Court Applies Comp Principles as Guidance to Reject Vicarious Liability for Employer
Wednesday, September 27, 2017 | 1203 | 0 | 0 min read
A California appellate court ruled that an employer could not be held vicariously liable for the alleged negligence of an employee in causing a fatal car accident, since the employee was not acting within the scope of his employment at the time of the collision.
Case: Morales-Simental v. Genentech, No. A145865, 09/22/2017, unpublished.
Facts: Early on the morning of Dec. 13, 2012, a vehicle operated by Vincent Inte Ong collided with a vehicle driven by Louis Deandre Gonzalez Jr. on the San Mateo Bridge. Marisol Morales was a passenger in Gonzalez’s vehicle and was killed in the collision.

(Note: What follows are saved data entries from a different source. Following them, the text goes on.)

(* The map $f$ defined below restricts to a bijection from $\mathcal{G}_1$ onto $\mathcal{A}_1$, and $f(\pi)$ is a partition of the same integer as $\pi$.
   Context: Partitions are nonincreasing finite sequences of positive integers; $m_j(\pi)$ is the multiplicity of $j$ in $\pi$, $\ell(\pi)$ the number of parts, and $\pi\cup\lambda$ the partition formed by all parts of both (as a multiset). $\langle a^{m}\rangle$ denotes the partition consisting of $m$ copies of $a$. $\mathcal{G}_2$ is the set of partitions $\pi$ with $m_1(\pi)\le 1$ and $m_j(\pi)+m_{j+1}(\pi)\le 2$ for all $j\ge1$. $\mathcal{G}_1$ is the set of partitions $\pi$ with $m_1(\pi)=0$ and $m_j(\pi)+m_{j+1}(\pi)\le 2$ for all $j\ge1$ (so $\mathcal G_1\subset\mathcal G_2$). For $\pi\in\mathcal{G}_2$ every part has multiplicity at most $2$. Let $D(\pi)$ be the number of distinct parts of multiplicity $2$, let $R_1(\pi)>R_2(\pi)>\dots>R_{D(\pi)}(\pi)$ be these parts, and set $R_{D(\pi)+1}(\pi)=0$, $R_0(\pi)=\infty$. For $0\le k\le D(\pi)$ let $\pi^{(k)}$ be the partition consisting of the parts of $\pi$ strictly between $R_{k+1}(\pi)$ and $R_k(\pi)$ (these parts are distinct). For a partition $\mu$ and integer $c$, $\mu+\langle c^{\ell(\mu)}\rangle$ denotes $\mu$ with $c$ added to each part. Define $$f(\pi)=\bigcup_{i=1}^{D(\pi)}\big\langle (2i)^{R_i(\pi)-R_{i+1}(\pi)-\ell(\pi^{(i)})}\big\rangle\ \cup\ \bigcup_{i=0}^{D(\pi)}\Big(\pi^{(i)}+\langle (2i)^{\ell(\pi^{(i)})}\rangle\Big).$$ For a partition $\lambda$, $R_1(\lambda)$ is its largest part of multiplicity $\ge2$ (or $0$ if none). $\mathcal{A}_1$ is the set of partitions $\lambda$ such that $m_j(\lambda)\le1$ for odd $j$, $m_j(\lambda)=0$ for odd $j<R_1(\lambda)+2$, and $m_j(\lambda)\ge 2$ for even $j$ with $0<j<R_1(\lambda)$. *)

From mathcomp Require Import all_boot.
Set Implicit Arguments. Unset Strict Implicit. Unset Printing Implicit Defensive.

Definition is_partition (p : seq nat) : bool :=
  sorted geq p && all (fun x => 0 < x) p.

Definition mult (j : nat) (p : seq nat) : nat := count_mem j p.

Definition in_G2 (p : seq nat) : Prop :=
  is_partition p /\ mult 1 p <= 1 /\
  (forall j, 1 <= j -> mult j p + mult j.+1 p <= 2).

Definition in_G1 (p : seq nat) : Prop :=
  is_partition p /\ mult 1 p = 0 /\
  (forall j, 1 <= j -> mult j p + mult j.+1 p <= 2).

Definition Rlist (p : seq nat) : seq nat :=
  sort geq (undup [seq x <- p | mult x p == 2]).

Definition Dnum (p : seq nat) : nat := size (Rlist p).

(* R_k(p) for k >= 1 (R_{D+1} = 0 since nth defaults to 0) *)
Definition Rk (p : seq nat) (k : nat) : nat := nth 0 (Rlist p) k.-1.

(* p^(k): parts strictly between R_{k+1} and R_k, with R_0 = infinity *)
Definition piK (p : seq nat) (k : nat) : seq nat :=
  [seq x <- p | (Rk p k.+1 < x) && ((k == 0) || (x < Rk p k))].

(* the map f; the multiset union is realised by concatenation followed by
   sorting in nonincreasing order *)
Definition fmap (p : seq nat) : seq nat :=
  sort geq
    (flatten [seq nseq (Rk p i - Rk p i.+1 - size (piK p i)) (2 * i)
             | i <- iota 1 (Dnum p)]
     ++ flatten [seq map (addn (2 * i)) (piK p i) | i <- iota 0 (Dnum p).+1]).

(* R_1(l): largest part of multiplicity >= 2, or 0 if none *)
Definition R1 (l : seq nat) : nat := \max_(x <- l | 2 <= mult x l) x.

Definition in_A1 (l : seq nat) : Prop :=
  is_partition l /\
  (forall j, odd j -> mult j l <= 1) /\
  (forall j, odd j -> j < R1 l + 2 -> mult j l = 0) /\
  (forall j, ~~ odd j -> 0 < j -> j < R1 l -> 2 <= mult j l).

From mathcomp Require Import all_boot.
From mathcomp Require Import zify.
Set Implicit Arguments. Unset Strict Implicit. Unset Printing Implicit Defensive.

(* A partition of G_1 with D >= 1 repeated parts is uniquely of the form
   glue p r B: r = R_D is its smallest repeated part, B = pi^(D) consists of
   distinct parts in [2, r - 2], and the parts above r are those of some p in
   G_1 with D - 1 repeated parts, shifted by r.  Unfolding f, the image of
   glue p r B is f(p) with its shifted parts shifted further by r, together
   with r - |B| copies of 2D and the parts of B shifted by 2D.  Induction on D
   shows that f maps G_1 into A_1 with R_1 = 2D and preserves the weight.
   In an image, counting the parts below r + 2D determines r, then B, then
   f(p), whence injectivity.  For l in A_1 with R_1(l) = 2D, a cut r with
   m_2D(l) + #{parts of l in (2D, r + 2D - 2]} = r and r + 2D - 1 not a part
   always exists; reading B and f(p) off l at this cut gives surjectivity. *)

Lemma geq_total : total geq.
Proof. by move=> a b; apply: leq_total. Qed.

Lemma geq_trans : transitive geq.
Proof. by move=> a b c /= h1 h2; apply: leq_trans h2 h1. Qed.

Lemma geq_anti : antisymmetric geq.
Proof. by move=> a b /andP[/= h1 h2]; apply/eqP; rewrite eqn_leq h1 h2. Qed.

Lemma sort_geq_perm s l : sorted geq l -> perm_eq s l -> sort geq s = l.
Proof.
move=> sl pe; rewrite (perm_sortP geq_total geq_trans geq_anti _ l pe).
by apply: sorted_sort sl; apply: geq_trans.
Qed.

Lemma perm_count_memP (T : eqType) (s1 s2 : seq T) :
  (forall v, count_mem v s1 = count_mem v s2) -> perm_eq s1 s2.
Proof. by move=> h; apply/allP => x _ /=; rewrite h. Qed.

Lemma count_mem_filter (T : eqType) (P : pred T) v (s : seq T) :
  count_mem v (filter P s) = P v * count_mem v s.
Proof.
rewrite count_filter; case Pv: (P v); rewrite ?mul1n ?mul0n.
  by apply: eq_count => x /=; case: eqP => // ->; rewrite Pv.
by rewrite -(count_pred0 s); apply: eq_count => x /=; case: eqP => // ->; rewrite Pv.
Qed.

Lemma count_mem_map_addn k v s :
  count_mem v (map (addn k) s) = if k <= v then count_mem (v - k) s else 0.
Proof.
rewrite count_map; case: ifP => h.
  by apply: eq_count => x /=; apply/eqP/eqP; lia.
by rewrite -(count_pred0 s); apply: eq_count => x /=; apply/eqP; lia.
Qed.

Lemma mem_map_addn k x (s : seq nat) :
  (x \in map (addn k) s) = (k <= x) && (x - k \in s).
Proof. by rewrite -!has_pred1 !has_count count_mem_map_addn; case: ifP. Qed.

Lemma count_mem_gt0 (T : eqType) (s : seq T) x : (0 < count_mem x s) = (x \in s).
Proof. by rewrite -has_count has_pred1. Qed.

Lemma count_mem_le1_uniq (T : eqType) (s : seq T) :
  (forall x, count_mem x s <= 1) -> uniq s.
Proof.
move=> h; apply: count_mem_uniq => x; have := h x.
case: (boolP (x \in s)) => [|/count_memPn -> //].
by rewrite -count_mem_gt0; case: (count_mem x s) => [|[]].
Qed.

Lemma uniq_count_mem_le1 (T : eqType) (s : seq T) x : uniq s -> count_mem x s <= 1.
Proof. by move=> u; rewrite count_uniq_mem //; case: (x \in s). Qed.

Lemma filter_predC_all (T : Type) (P : pred T) (s : seq T) :
  all (predC P) s -> filter P s = [::].
Proof.
by elim: s => //= x s IH /andP[/negbTE -> /IH].
Qed.

Lemma perm_cat_split (T : eqType) (P : pred T) (a a' b b' : seq T) :
  all P a -> all P a' -> all (predC P) b -> all (predC P) b' ->
  perm_eq (a ++ b) (a' ++ b') -> perm_eq a a' /\ perm_eq b b'.
Proof.
have predCC c : all P c -> all (predC (predC P)) c.
  by move=> hc; apply/allP => x /(allP hc) /= ->.
move=> ha ha' hb hb' pe; split.
  have := perm_filter P pe; rewrite !filter_cat (all_filterP ha) (all_filterP ha').
  by rewrite !filter_predC_all ?cats0.
have := perm_filter (predC P) pe; rewrite !filter_cat.
rewrite (filter_predC_all (predCC _ ha)) (filter_predC_all (predCC _ ha')) /=.
by rewrite (all_filterP hb) (all_filterP hb').
Qed.

Lemma sumn_map_addn k s : sumn (map (addn k) s) = k * size s + sumn s.
Proof. by elim: s => [|x s IH] /=; [rewrite muln0 | rewrite IH mulnS; lia]. Qed.

Lemma sorted_geq_cat (s1 s2 : seq nat) : sorted geq s1 -> sorted geq s2 ->
  (forall x y, x \in s1 -> y \in s2 -> y <= x) -> sorted geq (s1 ++ s2).
Proof.
case: s1 => [//|x s1] /= h1 h2 h; rewrite cat_path h1 /=.
case: s2 h2 h => //= y s2 -> h; rewrite andbT.
by apply: h; [exact: mem_last | rewrite inE eqxx].
Qed.

Lemma sorted_geq_shift k (s : seq nat) :
  sorted geq s -> sorted geq (map (addn k) s).
Proof. by apply: homo_sorted => a b /=; rewrite leq_add2l. Qed.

During an interview at the scene of the accident, Ong told the police he was driving to a Genentech facility in South San Francisco to pick up some resumes for upcoming interviews. Ong worked for Genentech as a lead technician on the night shift and participated in the company’s hiring process.
He was not scheduled to work on the night of the accident and was using his personal vehicle when the accident occurred.
Procedural history: Morales’ family sued Ong, asserting that his negligence had caused her death. The family also sued Genentech, contending that the company was vicariously liable for Ong’s conduct.
Genentech moved for summary judgment dismissing the family’s claim against it. An Alameda Superior Court judge granted the company’s motion.
Analysis: The Court of Appeal for the 1st District of California explained that an employer generally will be held vicariously liable for the tortious conduct of its employees within the scope of their employment.
But, the court said, California case law has recognized that an employee commuting to or from work is typically outside the scope of employment, and the employer is not liable for the employee's torts while traveling. This is known as the “going and coming rule.”
The court added that “special errand rule” is an exception to the going and coming rule, and it provides that an employee is within the scope of his employment while performing an errand either as part of his regular duties or at the specific order or request of his employer.
“Many court decisions on the going and coming and special errand rules include some discussion of workers' compensation law,” although workers’ compensation decisions construe the scope of employer liability more broadly than do tort cases, the court noted. The court acknowledged that workers’ compensation decisions “can be helpful in determining whether an employer should be vicariously liable,” even though they are not controlling precedent.
The court rejected the idea that Ong was on a special errand for Genentech on the night of the accident, as there was “no evidence that anyone from Genentech requested that Ong drive to Genentech in the dead of night.”
Even in workers' compensation cases, which embrace a more lenient standard for determining when an employee is on a special errand, an employee's decision to take work home or to drive to work at an unusual time does not bring the trip within the scope of employment, the court said.
While the evidence indicated that Ong had hiring responsibilities for the company, the court said that didn’t mean he “had the authority to order himself to perform a special errand for Genentech.”
If the court were to accept such a proposition, that would “expand the special errand rule to allow employees at various levels to request special errands of themselves on behalf of their employers, thereby stripping the employer of the ability to control when it will be liable for an employee's off-shift activities.”
The court went on to find that any credibility issues stemming from Ong's inconsistent testimony about why he was traveling to Genentech were not material to the resolution of the special errand issue. Even if it accepted the family’s assertion that Ong was driving to Genentech to pick up resumes for upcoming interviews, the court said, it could not conclude Ong was acting within the course of his employment at the time of his accident.
The court also said it saw no error in the trial judge’s evidentiary rulings.